(* Let $G$ be a connected graph and $k \ge 1$ an integer. For all $\Pi_1, \Pi_2 \in \mathrm{Part}(G,k)$ there is a sequence of at most $6(k-1)$ recombination moves (each intermediate partition lying in $\mathrm{Part}(G,k)$) that transforms $\Pi_1$ into $\Pi_2$. In particular, the configuration space $\mathcal{R}_\infty(G,k)$ is connected.
   Context: For a graph $G$ and positive integer $k$, a connected $k$-partition of $G$ is a partition of $V(G)$ into $k$ disjoint nonempty sets (districts) each inducing a connected subgraph; $\mathrm{Part}(G,k)$ is the set of these. Two distinct connected $k$-partitions $\{V_1,\dots,V_k\}$ and $\{W_1,\dots,W_k\}$ are related by a recombination move if there are indices $i,j$ and a permutation $\pi$ of $\{1,\dots,k\}$ with $V_i \cup V_j = W_{\pi(i)} \cup W_{\pi(j)}$ and $V_\ell = W_{\pi(\ell)}$ for all $\ell \notin \{i,j\}$. $\mathcal{R}_\infty(G,k)$ is the graph on $\mathrm{Part}(G,k)$ whose edges are the recombination moves. *)

(* A finite simple graph is T : finType with a symmetric,
   irreflexive adjacency relation e : rel T. *)
From mathcomp Require Import all_boot.
Set Implicit Arguments. Unset Strict Implicit. Unset Printing Implicit Defensive.

Section Graphs.
Variables (T : finType) (e : rel T).

Definition induced_rel (A : {set T}) : rel T :=
  [rel u v | [&& u \in A, v \in A & e u v]].

Definition connected_set (A : {set T}) : Prop :=
  A != set0 /\ forall x y, x \in A -> y \in A -> connect (induced_rel A) x y.

Definition connected_graph : Prop := connected_set [set: T].

Definition conn_partition (k : nat) (P : {set {set T}}) : Prop :=
  [/\ partition P [set: T], #|P| = k & forall A, A \in P -> connected_set A].

Definition recomb (P Q : {set {set T}}) : Prop :=
  P != Q /\
  exists A B C D, [/\ [&& A \in P, B \in P & A != B], [&& C \in Q, D \in Q & C != D],
    A :|: B = C :|: D & P :\ A :\ B = Q :\ C :\ D].

Definition Rinf_edge (k : nat) (P Q : {set {set T}}) : Prop :=
  [/\ conn_partition k P, conn_partition k Q & recomb P Q].

(* a walk P = s_0, s_1, ..., s_n = Q in R_infty(G,k) of length n = size s
   (s lists s_1..s_n) *)
Fixpoint Rinf_walk (k : nat) (P : {set {set T}}) (s : seq {set {set T}}) : Prop :=
  match s with
  | [::] => True
  | Q :: s' => Rinf_edge k P Q /\ Rinf_walk k Q s'
  end.

Inductive Rinf_conn (k : nat) : {set {set T}} -> {set {set T}} -> Prop :=
  | Rinf_refl P : Rinf_conn k P P
  | Rinf_step P Q R : Rinf_edge k P Q -> Rinf_conn k Q R -> Rinf_conn k P R.

End Graphs.

From mathcomp Require Import all_boot.
Set Implicit Arguments. Unset Strict Implicit. Unset Printing Implicit Defensive.

(* Any two connected k-partitions of a connected graph G are joined by at most
   4(k-1) recombination moves; this gives the bound 6(k-1) of the theorem and
   the connectivity of R_inf(G,k).

   We work with connected k-partitions of an arbitrary connected vertex set U
   and argue by induction on k.  The branches of a vertex v in a partition P
   are the components of the block of v with v deleted.  If v does not
   disconnect U, one move detaches a branch from the block of v and glues it
   to an adjacent block (peel_step), so v becomes a singleton block after as
   many moves as it has branches (isolate).  A good vertex -- one that does
   not disconnect U and has at most 4 branches in P and Q together -- always
   exists (good_vertex): the vertices of a smallest component W of U minus a
   vertex are not cut vertices (min_comp_noncut), and in any partition they
   have at most 2 #|W| branches in total (sum_branches).  Isolating a good
   vertex v in P and in Q costs at most 4 moves, and the remaining
   (k-1)-partitions of U minus v are joined by induction (reach_bound). *)

Section Recombination.
Variables (T : finType) (e : rel T).
Hypothesis sym_e : symmetric e.
Implicit Types (S U W X Y A B C D : {set T}) (a b r u v w x y z : T).
Implicit Types (P Q R : {set {set T}}).

Local Notation conn S := (connect (induced_rel e S)).

Lemma induced_rel_sym S : symmetric (induced_rel e S).
Proof. by move=> x y; rewrite /induced_rel /= sym_e andbCA. Qed.

Lemma conn_sym S x y : conn S x y = conn S y x.
Proof. exact: (sym_connect_sym (induced_rel_sym S)). Qed.

Lemma conn_edge S x y : x \in S -> y \in S -> e x y -> conn S x y.
Proof. by move=> xS yS exy; apply/connect1/and3P. Qed.

Lemma conn_subset S S' x y : S \subset S' -> conn S x y -> conn S' x y.
Proof.
move=> /subsetP sSS'; apply: connect_sub => a b /and3P[aS bS eab].
by apply: conn_edge; rewrite ?sSS'.
Qed.

Lemma conn_exit S X x y : x \in X -> y \notin X -> conn S x y ->
  exists a b, [/\ a \in X, b \notin X, a \in S, b \in S & e a b].
Proof.
move=> xX yX /connectP[p + yl]; elim: p x xX yl => [|b p IH] x xX /=.
  by move=> yx; rewrite yx xX in yX.
move=> yl /andP[/and3P[xS bS exb] pp].
by case: (boolP (b \in X)) => [bX|]; [apply: IH bX yl pp | exists x, b].
Qed.

Lemma connected_from X c : c \in X -> (forall y, y \in X -> conn X c y) ->
  connected_set e X.
Proof.
move=> cX cXy; split; first by apply/set0Pn; exists c.
by move=> x y xX yX; apply: connect_trans (cXy y yX); rewrite conn_sym cXy.
Qed.

Lemma connected_conn X x y : connected_set e X -> x \in X -> y \in X -> conn X x y.
Proof. by case=> _; apply. Qed.

Lemma connected_set1 v : connected_set e [set v].
Proof. by apply: (connected_from (set11 v)) => y /set1P ->. Qed.

Lemma connected_setU X Y a b : connected_set e X -> connected_set e Y ->
  a \in X -> b \in Y -> e a b -> connected_set e (X :|: Y).
Proof.
move=> cX cY aX bY eab; apply: (@connected_from _ a); first by rewrite inE aX.
have ab : conn (X :|: Y) a b by apply: conn_edge => //; rewrite inE ?aX ?bY ?orbT.
move=> y /setUP[yX|yY]; first exact: conn_subset (subsetUl X Y) (connected_conn cX aX yX).
exact: connect_trans ab (conn_subset (subsetUr X Y) (connected_conn cY bY yY)).
Qed.

Definition comp S z := [set y in S | conn S z y].
Definition comps S := [set comp S z | z in S].

Lemma comp_sub S z : comp S z \subset S.
Proof. by apply/subsetP=> y; rewrite inE => /andP[]. Qed.

Lemma comp_self S z : z \in S -> z \in comp S z.
Proof. by move=> zS; rewrite inE zS connect0. Qed.

Lemma mem_comps S z : z \in S -> comp S z \in comps S.
Proof. exact: imset_f. Qed.

Lemma comps_sub S D : D \in comps S -> D \subset S.
Proof. by case/imsetP=> z _ ->; apply: comp_sub. Qed.

Lemma comp_closed S z a b : a \in comp S z -> b \in S -> e a b -> b \in comp S z.
Proof.
rewrite !inE => /andP[aS za] bS eab; rewrite bS.
exact: connect_trans za (conn_edge aS bS eab).
Qed.

Lemma comps_closed S D a b : D \in comps S -> a \in D -> b \in S -> e a b -> b \in D.
Proof. by case/imsetP=> z _ ->; apply: comp_closed. Qed.

Lemma comp_eq S z y : y \in comp S z -> comp S y = comp S z.
Proof.
rewrite inE => /andP[yS zy]; apply/setP=> w; rewrite !inE.
case: (w \in S) => //=; apply/idP/idP => [|zw]; first exact: connect_trans zy.
by apply: connect_trans zw; rewrite conn_sym.
Qed.

Lemma comps_eq S D1 D2 y : D1 \in comps S -> D2 \in comps S ->
  y \in D1 -> y \in D2 -> D1 = D2.
Proof.
by move=> /imsetP[z1 _ ->] /imsetP[z2 _ ->] y1 y2; rewrite -(comp_eq y1) -(comp_eq y2).
Qed.

(* A component is connected in itself, not only inside S. *)
Lemma comp_path S z a p : a \in comp S z -> path (induced_rel e S) a p ->
  conn (comp S z) a (last a p).
Proof.
elim: p a => [|b p IH] a az /=; first by rewrite connect0.
case/andP=> /and3P[aS bS eab] pth; have bz := comp_closed az bS eab.
exact: connect_trans (conn_edge az bz eab) (IH b bz pth).
Qed.

Lemma connected_comp S z : z \in S -> connected_set e (comp S z).
Proof.
move=> zS; apply: (connected_from (comp_self zS)) => y.
by rewrite inE => /andP[_ /connectP[p pth ->]]; apply: comp_path (comp_self zS) pth.
Qed.

Lemma connected_comps S D : D \in comps S -> connected_set e D.
Proof. by case/imsetP=> z zS ->; apply: connected_comp. Qed.
Lemma morph_add0 : h 0 = 0.
Proof. by apply: (@addrI _ (h 0)); rewrite -hD !addr0. Qed.

Lemma morph_addN x : h (- x) = - h x.
Proof. by apply: (@addrI _ (h x)); rewrite -hD !subrr morph_add0. Qed.

Lemma morph_add_sum I (r : seq I) (P : pred I) (F : I -> U) :
  h (\sum_(i <- r | P i) F i) = \sum_(i <- r | P i) h (F i).
Proof. exact: (big_morph h hD morph_add0). Qed.
End AdditiveMorph.

(* Bundling the closure proofs with a Prop-valued predicate makes [subzmod P] a
   canonical zmodType. *)
Record zmod_prop (Z : zmodType) := ZmodProp {
  zmod_prop_pred :> Z -> Prop;
  zmod_prop0 : zmod_prop_pred 0;
  zmod_propB : forall x y, zmod_prop_pred x -> zmod_prop_pred y -> zmod_prop_pred (x - y) }.

Section SubZmod.
Variables (Z : zmodType) (P : zmod_prop Z).

Definition zmod_prop_mem : {pred Z} := fun x => `[< P x >].

Fact zmod_prop_mem_closed : zmod_closed zmod_prop_mem.
Proof.
split; first exact/asboolP/zmod_prop0.
by move=> x y /asboolP Px /asboolP Py; apply/asboolP; exact: zmod_propB.
Qed.

HB.instance Definition _ := GRing.isZmodClosed.Build Z zmod_prop_mem zmod_prop_mem_closed.
Record subzmod := SubZmod { subzmod_val :> Z; _ : subzmod_val \in zmod_prop_mem }.
HB.instance Definition _ := [isSub for subzmod_val].
HB.instance Definition _ := [Choice of subzmod by <:].
HB.instance Definition _ := [SubChoice_isSubZmodule of subzmod by <:].

Lemma subzmodP (x : subzmod) : P (val x).
Proof. by case: x => x /= /asboolP. Qed.

Definition insubzmod x (Px : P x) : subzmod := SubZmod (asboolT Px).
End SubZmod.

Section Submodule.
Variables (R Z : zmodType) (P : zmod_prop Z) (act : R -> Z -> Z).
Hypothesis actP : forall a x, P x -> P (act a x).

Definition subact a (x : subzmod P) : subzmod P := insubzmod (actP a (subzmodP x)).
Definition submod : lmodule R := @LModule R (subzmod P) subact.

Lemma is_lmod_submod (mul : R -> R -> R) (S : R -> Prop) :
  (forall a x y, S a -> P x -> P y -> act a (x + y) = act a x + act a y) ->
  (forall a b x, S a -> S b -> P x -> act (a + b) x = act a x + act b x) ->
  (forall a b x, S a -> S b -> P x -> act (mul a b) x = act a (act b x)) ->
  is_lmod mul S submod.
Proof.
move=> actDr actDl actM; split; [|split] => a.
- by move=> x y Sa; apply: val_inj; exact: actDr (subzmodP x) (subzmodP y).
- by move=> b x Sa Sb; apply: val_inj; exact: actDl (subzmodP x).
- by move=> b x Sa Sb; apply: val_inj; exact: actM (subzmodP x).
Qed.
(* For $t\in(0,1)$ put $c_t:=\frac{4}{4t-t^3}$ and $$K_t(z,P):=\frac{z-\tilde Z(P)}{\bar z-Z(P)}\,e^{-c_t\cosh\mathrm{dist}(z,P)},\qquad z\in\mathbb H,\ P\in\mathcal G_1.$$ Then: (1) $\Phi_t(z,P)=\log K_t(z,P)$ admits a single-valued (continuous) branch for $z\in\mathbb H$, $P\in\mathcal G_1$; (2) for fixed $z\in\mathbb H$ and $\theta\in\mathbb R/2\pi\mathbb Z$, $\max_{P\in\Sigma_{t,\theta}}|K_t(z,P)|$ is attained at $P=h_{-it}(z,\theta)$; (3) for fixed $z_0\in\mathbb H$ and $\theta$, the Hessian matrix with respect to $(x,y)$ of $(x,y)\mapsto\Re\Phi_t(z_0,h_{-it}(x+iy,\theta))$ is non-degenerate at $x+iy=z_0$.
   Context: $\mathbb H=\{x+iy:y>0\}$ hyperbolic plane; $\mathbb H^{\mathbb C}=\mathbb C\times\mathbb C\ni P=(X(P),Y(P))$, $\mathbb H$ embedded as real points $(x,y)$, $y>0$; $Z(P):=X(P)+iY(P)$, $\tilde Z(P):=X(P)-iY(P)$. For $z=x+iy\in\mathbb H$ and $P$ with $Y(P)\ne0$, $\cosh\mathrm{dist}(z,P):=1+\frac{(x-X(P))^2+(y-Y(P))^2}{2yY(P)}$ (holomorphic in $P$). Horocycles: for $z=x+iy\in\mathbb H$, $\theta\in\mathbb R/2\pi\mathbb Z$, $h_t(z,\theta)$ ($t$ real) is the point at time $t$ of the unique unit-speed right horocycle (image of $t\mapsto -t+i$ under an orientation-preserving isometry) starting at $z$ with velocity $y(\cos\theta\partial_x+\sin\theta\partial_y)$, written as $(\Re,\Im)\in\mathbb R^2$; it extends holomorphically in $t$ to $|\Im t|<1$ with values in $\mathbb C^2$. $\mathcal G_1:=\{h_{-is}(z,\theta): s\in[0,1),z\in\mathbb H,\theta\}$ (an open neighbourhood of $\mathbb H$ in $\mathbb C^2$), and $\Sigma_{t,\theta}:=\{h_{-it}(z,\theta):z\in\mathbb H\}$. *)

From Stdlib Require Import Reals.
From Coquelicot Require Import Coquelicot.
Open Scope R_scope.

INSTRUCTIONS TO FOLLOW – In the listing above, the lines from the one containing "Proof. by move=> x y;" through the one containing "by move=> yx; rewrite yx xX in yX." must be set down exactly, with no other lines.

TASK RESPONSE –
Proof. by move=> x y; rewrite /induced_rel /= sym_e andbCA. Qed.

Lemma conn_sym S x y : conn S x y = conn S y x.
Proof. exact: (sym_connect_sym (induced_rel_sym S)). Qed.

Lemma conn_edge S x y : x \in S -> y \in S -> e x y -> conn S x y.
Proof. by move=> xS yS exy; apply/connect1/and3P. Qed.

Lemma conn_subset S S' x y : S \subset S' -> conn S x y -> conn S' x y.
Proof.
move=> /subsetP sSS'; apply: connect_sub => a b /and3P[aS bS eab].
by apply: conn_edge; rewrite ?sSS'.
Qed.

Lemma conn_exit S X x y : x \in X -> y \notin X -> conn S x y ->
  exists a b, [/\ a \in X, b \notin X, a \in S, b \in S & e a b].
Proof.
move=> xX yX /connectP[p + yl]; elim: p x xX yl => [|b p IH] x xX /=.
  by move=> yx; rewrite yx xX in yX.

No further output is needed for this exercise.